Точка А - центр орбиты взаимного обращения Земли и Луны, точка В Меркурия и Венеры. Обе пары совершают годовое обращение по орбите AB вокруг Солнца Е. По иным, лежащим в других плоскостях и несколько более удаленным орбитам, но с близким периодом обращаются вокруг Солнца Марс, Юпитер и Сатурн. На еще более удаленных орбитах возможно обращение невидимых планет, что, в отличие от большинства конкретных астрономических концепций Бруно, относящихся к структуре и кинематике Солнечной системы, подтверждено позднейшими открытиями. Поскольку орбиты невидимых планет лежат в иных плоскостях, чем земная, некоторые из планет могут сближаться с Землей в пределы видимости, чтобы затем вновь исчезнуть из поля зрения. Это, по мнению Бруно, и есть кометы.

Приведенные конструкции содержат некоторые удачные догадки, которые тонут в фантастических допущениях. В этой части качественно-натурфилософский анализ с сознательным игнорированием математики стал архаическим уже на рубеже XVI и XVII вв. Поэтому приверженцы геоцентризма не считали эти конструкции опасными, а защитники гелиоцентризма апеллировали к ним с большой осторожностью 83. Но в свете современных представлений и гипотез мироздания некоторые схемы Бруно заслуживают, по мнению Мишеля, переоценки 84.
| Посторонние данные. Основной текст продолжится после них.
Lemma invariant_step s s' : invariant s -> step 2 qs s s' -> invariant s'.
Proof.
move=> I st; case: st I.
- by move=> q rest G R t not_el tG pil I; apply: invariant_move.
- by move=> q rest G R el I; apply: invariant_next I el.
- by move=> G R el I; apply: invariant_terminate_phase_one.
- by move=> G R not_el I; apply: invariant_enter_phase_two.
- move=> G R no_alive [/= dec [_ [w maj _]]].
  by have [u _ /no_alive] := exists_alive_other dec maj.
- move=> G R v q t _ v_min qin _ _ fat_q tG tv I.
  exact: invariant_fat I v_min qin fat_q tG tv.
- by move=> G R v q _ _ qin alive_q _ thin_q P I; apply: invariant_thin.
Qed.

Lemma measure_step s s' : invariant s' -> step 2 qs s s' -> measure s' < measure s.
Proof.
move=> I' st; have := invariant_size_res I'; rewrite /measure.
case: st I' => /=; try by move=> *; lia.
- by move=> G R _ [_ []].
- by move=> *; case: ifP => _ /=; lia.
move=> G R v q _ _ _ _ hv_pos _ _; set P := undup _.
have : 0 < size P.
  have [|t tG max_t] := @exists_pillar _ _ (G q); first by apply: contraTneq hv_pos => ->.
  have : t \in P by rewrite mem_undup mem_filter tG /pillar max_t eqxx.
  by case: (P).
by case: ifP => _ /=; rewrite size_cat; lia.
Qed.

Lemma step_exists s : invariant s -> ph s = Terminated \/ exists s', step 2 qs s s'.
Proof.
case: s => [[[|q rest] | | |] G R] /= [dec inv_ph]; [right | right | right | by [] | by left].
- case: (boolP (eligible 2 R)) => el.
    by exists (St Terminated G R); apply: s1_term.
  by exists (St PhaseTwo G R); apply: s1_to2.
- case: (boolP (eligible 2 (G q))) => el.
    by exists (St (PhaseOne rest) G R); apply: s1_next.
  have [|t tG max_t] := @exists_pillar _ _ (G q).
    by apply: contraNneq el => ->; rewrite /eligible /hmax big_nil.
  by eexists; apply: (s1_move _ _ _ el tG); rewrite /pillar max_t.
have [Gel [w maj _]] := inv_ph; have [u _ alive_u] := exists_alive_other dec maj.
have [v alive_v v_min] := ex_minimizer (hv R) (ex_intro _ u alive_u).
have [q qin [alive_q hv_pos]] := alive_v.
case: (eqVneq (size (G q)) (2 * hmax (G q))) => [thin_q | not_thin].
  by eexists; apply: (s2_thin alive_v v_min qin alive_q hv_pos); apply/eqP.
have fat_q : fat 2 (G q) by rewrite /fat addn1 ltn_neqAle eq_sym not_thin; apply: Gel.
move: (hv_pos); rewrite /hv -has_count => /hasP[t tG /eqP tv].
by eexists; apply: (s2_fat alive_v v_min qin alive_q hv_pos fat_q tG tv).
Qed.

Lemma reachable_invariant s : reach 2 qs (init T) s -> invariant s.
Proof.
elim=> [|s1 s2 _ I1 st]; first exact: invariant_init.
exact: invariant_step I1 st.
Qed.

End Algorithm.
Lemma loopS_not_homotopic (phi : nat -> Cpt R -> R) (X Y : nat -> bool) k :
  X k != Y k -> ~ loop_homotopic phi (Ntilde R) (loopS X) (loopS Y).
Proof.
move=> XYk [H [H_conf [H_cont [H0 [H1 H_ends]]]]].
have H_pair s t : unitI s -> unitI t -> H s t k.*2 <> H s t k.*2.+1.
  move=> us ut; apply: (H_conf s t us ut).1.
  by move/(congr1 odd); rewrite /= odd_double.
have [d d_gt0 turn_inv] := homotopy_turn_sum H_cont H_pair H_ends.
pose M := (Num.truncn d^-1).+3; pose N := (2 ^ k.+1 * M)%N.
have N_gt0 : (0 < N)%N by rewrite muln_gt0 expn_gt0.
have mesh : N%:R^-1 < d.
  have M_le : (M <= N)%N by rewrite leq_pmull // expn_gt0.
  have trunc_M : ((Num.truncn d^-1).+1 <= M)%N by apply: leq_trans (leqnSn _) (leqnSn _).
  have : d^-1 < N%:R.
    by apply: lt_le_trans (truncnS_gt _) _; rewrite ler_nat (leq_trans trunc_M M_le).
  by rewrite -[d in _ < d]invrK ltf_pV2 ?posrE ?invr_gt0 ?ltr0n.
have [turn_eq steps_close] := turn_inv N N_gt0 mesh.
have grid_unit j : (j <= N)%N -> unitI (j%:R / N%:R : R) := unitI_grid N_gt0.
have row (s : R) Z : unitI s -> (forall t, unitI t -> H s t = loopS Z t) ->
    (turn_sum (fun j => pair_diff (H s (j%:R / N%:R)) k.*2 k.*2.+1) N == 0) = ~~ Z k.
  move=> us HZ; rewrite (eq_turn_sum (g := pair_path Z k N)); last first.
    by move=> j jN; rewrite /pair_path HZ //; exact: grid_unit.
  apply: turn_sum_pair_path_eq0 => // j jN.
  rewrite /pair_path -!HZ; first exact: steps_close.
  1,2: by rewrite -/N; apply: grid_unit; rewrite // ltnW.
have unit0 : unitI (0 : R) by rewrite /unitI lexx ler01.
have unit1 : unitI (1 : R) by rewrite /unitI ler01 lexx.
move: XYk; rewrite -[X k]negbK -[Y k]negbK.
by rewrite -(row 0 X unit0 H0) -(row 1 Y unit1 H1) turn_eq eqxx.
Qed.

End Winding.

Lemma not_countable_of_cantor_inj (T : Type) (A : set T) (F : (nat -> bool) -> T) :
  (forall X, A (F X)) -> injective F -> ~ countable A.
Proof.
move=> AF F_inj /countable_injP[f f_inj].
pose g := f \o F.
have g_inj : injective g by move=> X Y /f_inj; rewrite !inE => /(_ (AF X) (AF Y))/F_inj.
pose D n := ~~ `[< exists X, g X = n /\ X n >].
case D_gD: (D (g D)).
  by move: (D_gD); rewrite /D => /negP; apply; apply/asboolP; exists D.
have /asboolP[X [/g_inj XD]] : `[< exists X, g X = g D /\ X (g D) >] by apply/negbFE.
by rewrite XD D_gD.
Qed.

Lemma loop_homotopic_refl (R : realType) (phi : nat -> Cpt R -> R) b g :
  loop phi b g -> loop_homotopic phi b g g.
Proof.
move=> [g_conf [g_cont [g0 g1]]]; exists (fun _ t => g t); split=> [s t _ /g_conf //|].
split=> [s t _ ut e e_gt0|]; last by do 2!split=> //.
by have [d d_gt0 near_d] := g_cont t ut e e_gt0; exists d => // s' t' _ ut' _ /near_d; apply.
Qed.

Theorem mainTheorem5 (R : realType) (phi : nat -> Cpt R -> R) :
  good_test_seq phi -> ~ countable (pi1 phi (Ntilde R)).
Proof.
move=> phi_good.
pose class X := [set h | loop phi (Ntilde R) h /\ loop_homotopic phi (Ntilde R) (loopS X) h].
apply: (@not_countable_of_cantor_inj _ _ class) => [X|X Y eq_XY].
  by exists (loopS X) => //; exact: loop_loopS.
apply/funext => k; apply/eqP; apply: contraT => XYk.
have : class X (loopS Y).
  by rewrite eq_XY; split; [|apply: loop_homotopic_refl]; exact: loop_loopS.
by case=> _ /(loopS_not_homotopic XYk).
Qed.
Lemma edge_of_unmatched u i : ~~ (u < mate u)%N -> edge_of i = u -> mate (w i) = w i.
Proof.
rewrite /edge_of -leqNgt => le_u.
case: ltnP => [lt_i|le_i] eq_i; rewrite -eq_i in le_u.
  by rewrite mateK leqNgt lt_i in le_u.
by apply/val_inj/eqP; rewrite eqn_leq le_u le_i.
Qed.

Definition block_weight u (f : config m n) : R :=
  (if (u < mate u)%N then edge_prob R mate w f u else 1) *
  \prod_(i in B | edge_of i == u) v (f i) 0.

Section MatchedEdge.
Variable u : 'I_n.
Hypothesis lt_u : (u < mate u)%N.

(* Generating polynomial of a token: [X] marks the tokens that end up at [u]. *)
Definition token_weight i (x : 'I_n) : {poly R} :=
  if edge_of i == u then (if x == u then 'X else 1) * (if i \in B then v x 0 else 1)%:P
  else 1.

Lemma token_weight_prod (f : config m n) :
  \prod_i token_weight i (f i) =
  'X ^+ #|[set i in on_edge u | f i == u]| *
  (\prod_(i in B | edge_of i == u) v (f i) 0)%:P.
Proof.
rewrite /token_weight -big_mkcond big_split /=; congr (_ * _).
  rewrite -big_mkcondr -prodr_const; apply: eq_bigl => i.
  by rewrite inE in_on_edge.
by rewrite -rmorph_prod -big_mkcondr; congr _%:P; apply: eq_bigl => i; rewrite andbC.
Qed.

Lemma mate_neq : mate u != u.
Proof. by apply: contraTneq lt_u => ->; rewrite ltnn. Qed.
Lemma frameBD_free c : lin_comb c frameBD = (0, 0) -> forall i, c i = 0.
Proof.
rewrite lin_comb_frameBD => /(congr1 (@mxpair R m)); rewrite pairmxK => c0 i.
have : \row_i c i *m row_base genBD = 0 *m row_base genBD.
  by rewrite mul0mx c0 /mxpair /= !trmx0 row_mx0.
by move/(row_free_inj (row_base_free genBD))/rowP/(_ i); rewrite !mxE.
Qed.

Lemma imBD_kernel :
  exists K1 K2 : 'M[R]_(m + m, m), forall p, imBD p <-> K1 *m p.1 + K2 *m p.2 = 0.
Proof.
set C := cokermx genBD; exists (usubmx C)^T, (dsubmx C)^T => p.
rewrite imBD_submx submxE -[C in mxpair p *m C]vsubmxK /mxpair mul_row_col.
rewrite -[_ + _]trmxK raddfD /= !trmx_mul !trmxK trmx_eq0.
by split=> /eqP.
Qed.

Definition annBD : 'M[R]_(m + m, m) := col_mx D^T B.

Lemma mxpair_annBD p j :
  (mxpair p *m annBD) 0 j = contr (D^T *m ebasis R j) p.1 + contr p.2 (B *m ebasis R j).
Proof.
rewrite mul_row_col !mxE /contr /ebasis -!colE.
by congr (_ + _); apply: eq_bigr => k _; rewrite !mxE // mulrC.
Qed.

Lemma imBD_maximal : (D *m B)^T = - (D *m B) ->
  (forall z : 'cV[R]_m, B *m z = 0 -> D^T *m z = 0 -> z = 0) ->
  forall p, (forall z : 'cV[R]_m, contr (D^T *m z) p.1 + contr p.2 (B *m z) = 0) ->
  imBD p.
Proof.
move=> anti inj p orth.
have inj_tr (w : 'rV[R]_m) : w *m B^T = 0 -> w *m D = 0 -> w = 0.
  move=> /(congr1 trmx) wB /(congr1 trmx) wD.
  rewrite !trmx_mul trmxK trmx0 in wB wD.
  by apply: trmx_inj; rewrite trmx0; exact: inj.
have free_gen : row_free genBD by exact: row_free_row_mx.
have free_ann : row_free annBD^T.
  by rewrite tr_col_mx trmxK; apply: row_free_row_mx => w wD wB; exact: inj_tr.
have gen_ann : (genBD <= kermx annBD)%MS.
  by apply/sub_kermxP; rewrite mul_row_col -trmx_mul anti addNr.
have rank_ker : \rank (kermx annBD) = m.
  by rewrite mxrank_ker -mxrank_tr (eqP free_ann) addnK.
have ker_gen : (kermx annBD <= genBD)%MS.
  by rewrite -(mxrank_leqif_sup gen_ann).2 rank_ker (eqP free_gen).
apply/imBD_submx/(submx_trans _ ker_gen)/sub_kermxP/rowP => j.
by rewrite mxpair_annBD orth mxE.
Qed.

End ImageBD.

Section Smoothness.
Context {R : realType} {m : nat}.

Lemma smooth_cst (W : normedModType R) (c : W) : smooth (fun _ : 'cV[R]_m => c).
Proof.
move=> k; elim: k c => [|k IH] c /=; first exact: cst_continuous.
split=> [x|v]; first exact: differentiable_cst.
have -> : (fun x => derive (fun _ : 'cV[R]_m => c) x v) = (fun _ => 0).
  by apply/funext => x; exact: derive_cst.
exact: IH.
Qed.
Идея бесконечности Вселенной созревала в рамках геоцентризма. Размеры небосвода постепенно {155} увеличивались. Тимей принимал радиус звездной сферы равным 18, а солнечной - 8 земным радиусам. Аристарх увеличил эту последнюю величину до 360, а Гиппарх и Птоломей - до 1210. С тех пор эта цифра варьировалась очень незначительно, и только в конце XVII в. Кассини приблизился к истинной величине расстояния от Земли до Солнца, равной 23.452 земным радиусам.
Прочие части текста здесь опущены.